March 30, 2017 — Global technology leader Laird (LRD: London) has improved its advanced PC Series Power Cycling thermoelectric module (TEM) for applications that require high reliability and high volume thermal cycling between multiple temperature set points. The enhanced PC Series is now proven to perform more than 1-million temperature cycles, extending the mean time between failure (MTBF) in molecular diagnostics, clinical diagnostics, analytical instrumentation, and more.
Thermal cycling exposes TEMs to mechanical stresses as the module contracts and expands from repeated cooling and heating cycles. Standard TEMs are traditionally designed for refrigeration applications only. The high-temperature diffusion of impurities and mechanical stresses over time can significantly reduce the operational life of a standard TEM.

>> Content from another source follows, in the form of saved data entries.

Lemma logder_alpha k (b : 'I_k -> nat) (n : 'I_k -> int) :
    \sum_(i < k) n i * (b i)%:Z = 0 ->
  logder D (alpha K b n) =
    - (m%:R)^-1 * (\sum_(i < k) n i * (b i)%:Z ^+ m)%:~R * psX ^+ m.
Proof.
move=> hsum; rewrite alphaE (logder_prod psmap_pdzM) => [|i _]; last first.
  by rewrite unitrXz // cprod_unit.
under eq_bigr do rewrite (logderXz psmap_pdzM) ?cprod_unit // logder_cprod.
transitivity (- (m%:R)^-1 *
    (\sum_(i < k) (n i)%:~R * ((b i)%:R ^+ m - (b i)%:R)) * psX ^+ m : ps (MP K)).
  by rewrite mulr_sumr mulr_suml; apply: eq_bigr => i _; ring.
congr (_ * _ * _).
have sum_nb : \sum_(i < k) (n i)%:~R * (b i)%:R = 0 :> ps (MP K).
  rewrite -[RHS](rmorph0 (intr : int -> ps (MP K))) -hsum rmorph_sum.
  by apply: eq_bigr => i _; rewrite rmorphM.
under eq_bigr do rewrite mulrBr.
by rewrite sumrB sum_nb subr0 rmorph_sum; apply: eq_bigr => i _; rewrite rmorphM rmorphXn.
Qed.

End ZetaLogarithmicDerivative.

Theorem mainTheorem12 (k : nat) (b : 'I_k -> nat) (n : 'I_k -> int)
    (hb : forall i, (0 < b i)%N)
    (hsum : \sum_(i < k) n i * (b i)%:Z = 0)
    (m : nat) (hm_odd : odd m) (hm3 : (3 <= m)%N)
    (K : nat) (hK : ((m - 3)./2 < K)%N) (N : nat) :
  psmul (delta m (alpha K b n)) (psinv (alpha K b n)) N
  = (if N == m then - (m%:R)^-1 * (\sum_(i < k) n i * (b i)%:Z ^+ m)%:~R
     else 0).
Proof.
have -> : psmul (delta m (alpha K b n)) (psinv (alpha K b n)) =
    logder (psmap (@pdz K ((m - 3)./2))) (alpha K b n).
  by rewrite psmulE psinvE ?alpha_unit.
rewrite logder_alpha // -(rmorph_nat psC) -rmorphV ?MP_nat_unit ?(ltnW (ltnW hm3)) //.
by rewrite -(rmorph_int psC) -rmorphN -rmorphM coef_psCXn.
Qed.
(* (Preservation for $\lambda_{\mathrm{act}}$ configurations.) If $\Gamma ; \Delta \vdash \mathcal{C}_1$ and $\mathcal{C}_1 \longrightarrow \mathcal{C}_2$, then $\Gamma ; \Delta \vdash \mathcal{C}_2$.
   Context: The calculus $\lambda_{\mathrm{act}}$. Types $A,B,C ::= \mathbf{1} \mid A \xrightarrow{C} B \mid \mathsf{ActorRef}(A)$; $\alpha$ ranges over variables and names; values $V,W ::= \alpha \mid \lambda x.M \mid ()$; computations $M,N ::= V\,W \mid \mathbf{let}\ x \Leftarrow M\ \mathbf{in}\ N \mid \mathbf{return}\ V \mid \mathbf{spawn}\ M \mid \mathbf{send}\ V\ W \mid \mathbf{receive} \mid \mathbf{self}$. Value typing: $\Gamma\vdash\alpha:A$ if $\alpha:A\in\Gamma$; $\Gamma\vdash\lambda x.M:A\xrightarrow{C}B$ if $\Gamma,x:A\mid C\vdash M:B$; $\Gamma\vdash():\mathbf 1$. Computation typing $\Gamma\mid C\vdash M:A$: $V\,W:B$ if $\Gamma\vdash V:A\xrightarrow{C}B$, $\Gamma\vdash W:A$; $\Gamma\mid C\vdash\mathbf{let}\ x\Leftarrow M\ \mathbf{in}\ N:B$ if $\Gamma\mid C\vdash M:A$, $\Gamma,x:A\mid C\vdash N:B$; $\Gamma\mid C\vdash\mathbf{return}\ V:A$ if $\Gamma\vdash V:A$; $\Gamma\mid C\vdash\mathbf{send}\ V\ W:\mathbf 1$ if $\Gamma\vdash V:A$, $\Gamma\vdash W:\mathsf{ActorRef}(A)$; $\Gamma\mid A\vdash\mathbf{receive}:A$; $\Gamma\mid C\vdash\mathbf{spawn}\ M:\mathsf{ActorRef}(A)$ if $\Gamma\mid A\vdash M:\mathbf 1$; $\Gamma\mid A\vdash\mathbf{self}:\mathsf{ActorRef}(A)$. Evaluation contexts $E ::= [\,]\mid\mathbf{let}\ x\Leftarrow E\ \mathbf{in}\ M$; term reduction: $(\lambda x.M)V\longrightarrow_{\mathsf{M}} M\{V/x\}$, $\mathbf{let}\ x\Leftarrow\mathbf{return}\ V\ \mathbf{in}\ M\longrightarrow_{\mathsf{M}} M\{V/x\}$, $E[M]\longrightarrow_{\mathsf{M}}E[M']$ if $M\longrightarrow_{\mathsf{M}}M'$. Configurations $\mathcal{C},\mathcal{D} ::= \mathcal{C}\parallel\mathcal{D}\mid(\nu a)\mathcal{C}\mid\langle a,M,\vec V\rangle$ (actor named $a$ evaluating $M$ with mailbox $\vec V=V_1\cdot\ldots\cdot V_n$; $\epsilon$ empty). Configuration contexts $G ::= [\,]\mid G\parallel\mathcal{C}\mid(\nu a)G$. Configuration typing: (Par) $\Gamma;\Delta_1\vdash\mathcal{C}_1$, $\Gamma;\Delta_2\vdash\mathcal{C}_2$ give $\Gamma;\Delta_1,\Delta_2\vdash\mathcal{C}_1\parallel\mathcal{C}_2$; (Pid) $\Gamma,a:\mathsf{ActorRef}(A);\Delta,a:A\vdash\mathcal{C}$ gives $\Gamma;\Delta\vdash(\nu a)\mathcal{C}$; (Actor) $\Gamma,a:\mathsf{ActorRef}(A)\mid A\vdash M:\mathbf 1$ and $\Gamma,a:\mathsf{ActorRef}(A)\vdash V_i:A$ for all $i$ give $\Gamma,a:\mathsf{ActorRef}(A);a:A\vdash\langle a,M,\vec V\rangle$. Structural congruence $\equiv$: least congruence closed under $G[-]$ with commutativity/associativity of $\parallel$ and $\mathcal{C}\parallel(\nu a)\mathcal{D}\equiv(\nu a)(\mathcal{C}\parallel\mathcal{D})$ if $a\notin\mathsf{fv}(\mathcal{C})$. Reduction $\longrightarrow$ (modulo $\equiv$): (Spawn) $\langle a,E[\mathbf{spawn}\ M],\vec V\rangle\longrightarrow(\nu b)(\langle a,E[\mathbf{return}\ b],\vec V\rangle\parallel\langle b,M,\epsilon\rangle)$, $b$ fresh; (Send) $\langle a,E[\mathbf{send}\ V'\ b],\vec V\rangle\parallel\langle b,M,\vec W\rangle\longrightarrow\langle a,E[\mathbf{return}\ ()],\vec V\rangle\parallel\langle b,M,\vec W\cdot V'\rangle$; (SendSelf) $\langle a,E[\mathbf{send}\ V'\ a],\vec V\rangle\longrightarrow\langle a,E[\mathbf{return}\ ()],\vec V\cdot V'\rangle$; (Self) $\langle a,E[\mathbf{self}],\vec V\rangle\longrightarrow\langle a,E[\mathbf{return}\ a],\vec V\rangle$; (Receive) $\langle a,E[\mathbf{receive}],W\cdot\vec V\rangle\longrightarrow\langle a,E[\mathbf{return}\ W],\vec V\rangle$; (Lift) $G[\mathcal{C}_1]\longrightarrow G[\mathcal{C}_2]$ if $\mathcal{C}_1\longrightarrow\mathcal{C}_2$; (LiftM) $\langle a,M_1,\vec V\rangle\longrightarrow\langle a,M_2,\vec V\rangle$ if $M_1\longrightarrow_{\mathsf{M}}M_2$. *)

(* The calculus lambda_act: syntax, typing, structural
   congruence and reduction of configurations.
   Variables are de Bruijn indices; actor names are atoms (nat). *)
From Stdlib Require Import Arith List.
Import ListNotations.

Inductive ty : Type :=
| TUnit : ty
| TFun  : ty -> ty -> ty -> ty    (* TFun A C B  =  A -C-> B *)
| TRef  : ty -> ty.

Definition name := nat.

Inductive value : Type :=
| VVar  : nat -> value
| VName : name -> value
| VLam  : comp -> value           (* \x. M  (binds index 0 in M) *)
| VUnit : value
with comp : Type :=
| CApp     : value -> value -> comp
| CLet     : comp -> comp -> comp (* let x <= M in N  (binds index 0 in N) *)
| CRet     : value -> comp
| CSpawn   : comp -> comp
| CSend    : value -> value -> comp
| CReceive : comp
| CSelf    : comp.

Fixpoint liftV (c : nat) (V : value) : value :=
  match V with
  | VVar n => if c <=? n then VVar (S n) else VVar n
  | VName a => VName a
  | VLam M => VLam (liftC (S c) M)
  | VUnit => VUnit
  end
with liftC (c : nat) (M : comp) : comp :=
  match M with
  | CApp V W => CApp (liftV c V) (liftV c W)
  | CLet M1 N1 => CLet (liftC c M1) (liftC (S c) N1)
  | CRet V => CRet (liftV c V)
  | CSpawn M1 => CSpawn (liftC c M1)
  | CSend V W => CSend (liftV c V) (liftV c W)
  | CReceive => CReceive
  | CSelf => CSelf
  end.

(* substV k U V : substitute U for index k in V (and lower indices above k) *)
Fixpoint substV (k : nat) (U : value) (V : value) : value :=
  match V with
  | VVar n => if n =? k then U else if k <? n then VVar (pred n) else VVar n
  | VName a => VName a
  | VLam M => VLam (substC (S k) (liftV 0 U) M)
  | VUnit => VUnit
  end
with substC (k : nat) (U : value) (M : comp) : comp :=
  match M with
  | CApp V W => CApp (substV k U V) (substV k U W)
  | CLet M1 N1 => CLet (substC k U M1) (substC (S k) (liftV 0 U) N1)
  | CRet V => CRet (substV k U V)
  | CSpawn M1 => CSpawn (substC k U M1)
  | CSend V W => CSend (substV k U V) (substV k U W)
  | CReceive => CReceive
  | CSelf => CSelf
  end.

(* M{V/x} where x is the variable bound by the enclosing binder *)
Definition subst1 (M : comp) (V : value) : comp := substC 0 V M.

(* ---------- names occurring in terms (terms do not bind names) ---------- *)
Fixpoint occV (a : name) (V : value) : bool :=
  match V with
  | VVar _ => false
  | VName b => b =? a
  | VLam M => occC a M
  | VUnit => false
  end
with occC (a : name) (M : comp) : bool :=
  match M with
  | CApp V W => occV a V || occV a W
  | CLet M1 N1 => occC a M1 || occC a N1
  | CRet V => occV a V
  | CSpawn M1 => occC a M1
  | CSend V W => occV a V || occV a W
  | CReceive => false
  | CSelf => false
  end.

Fixpoint renameV (a b : name) (V : value) : value :=
  match V with
  | VVar n => VVar n
  | VName c => VName (if c =? a then b else c)
  | VLam M => VLam (renameC a b M)
  | VUnit => VUnit
  end
with renameC (a b : name) (M : comp) : comp :=
  match M with
  | CApp V W => CApp (renameV a b V) (renameV a b W)
  | CLet M1 N1 => CLet (renameC a b M1) (renameC a b N1)
  | CRet V => CRet (renameV a b V)
  | CSpawn M1 => CSpawn (renameC a b M1)
  | CSend V W => CSend (renameV a b V) (renameV a b W)
  | CReceive => CReceive
  | CSelf => CSelf
  end.

(* Gamma is split into a variable part (list, de Bruijn) and a name part. *)
Definition nctx := name -> option ty.
Definition upd (N : nctx) (a : name) (T : ty) : nctx :=
  fun b => if b =? a then Some T else N b.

The Power Cycling thermoelectric modules are specially constructed to reduce the amount of stress induced on the thermoelectric elements during operation. This enables the high number of temperature cycles. Combined with an operating temperature up to 120 degree C, the PC Series exceeds the requirements for high volume power cycling applications. In addition, the PC Series provides a lower total cost of ownership, while increasing throughput of diagnostic equipment.
“In modern diagnostic and analytical instruments, thermoelectric modules are typically used to achieve the rapid temperature changes. Laird’s thermoelectric modules offer significant advantages when compared to other types of thermal cycling devices including more precise temperature control, compactness, faster temperature ramp rates and efficiency,” said Anders Kottenauer, Senior Vice President of Laird’s Engineered Thermal Systems. “We are ecstatic to announce another milestone in the Power Cycling PC Series technology, achieving 1-million thermal cycles with minimal degradation.”
The new PC Series TEM is constructed with multiple layers between the ceramic substrates, copper buss bars and semiconductor couples. To reduce thermally induced stress, a flexible and thermally conductive “soft layer” is inserted between the cold side ceramic substrate and copper buss bars. The integration of the polymer into the thermoelectric modules absorbs the mechanically induced stresses caused by rapid temperature cycling. As a result, the stress induced on the semiconductor couples and solder joints are significantly reduced, extending the overall operational life of TEM.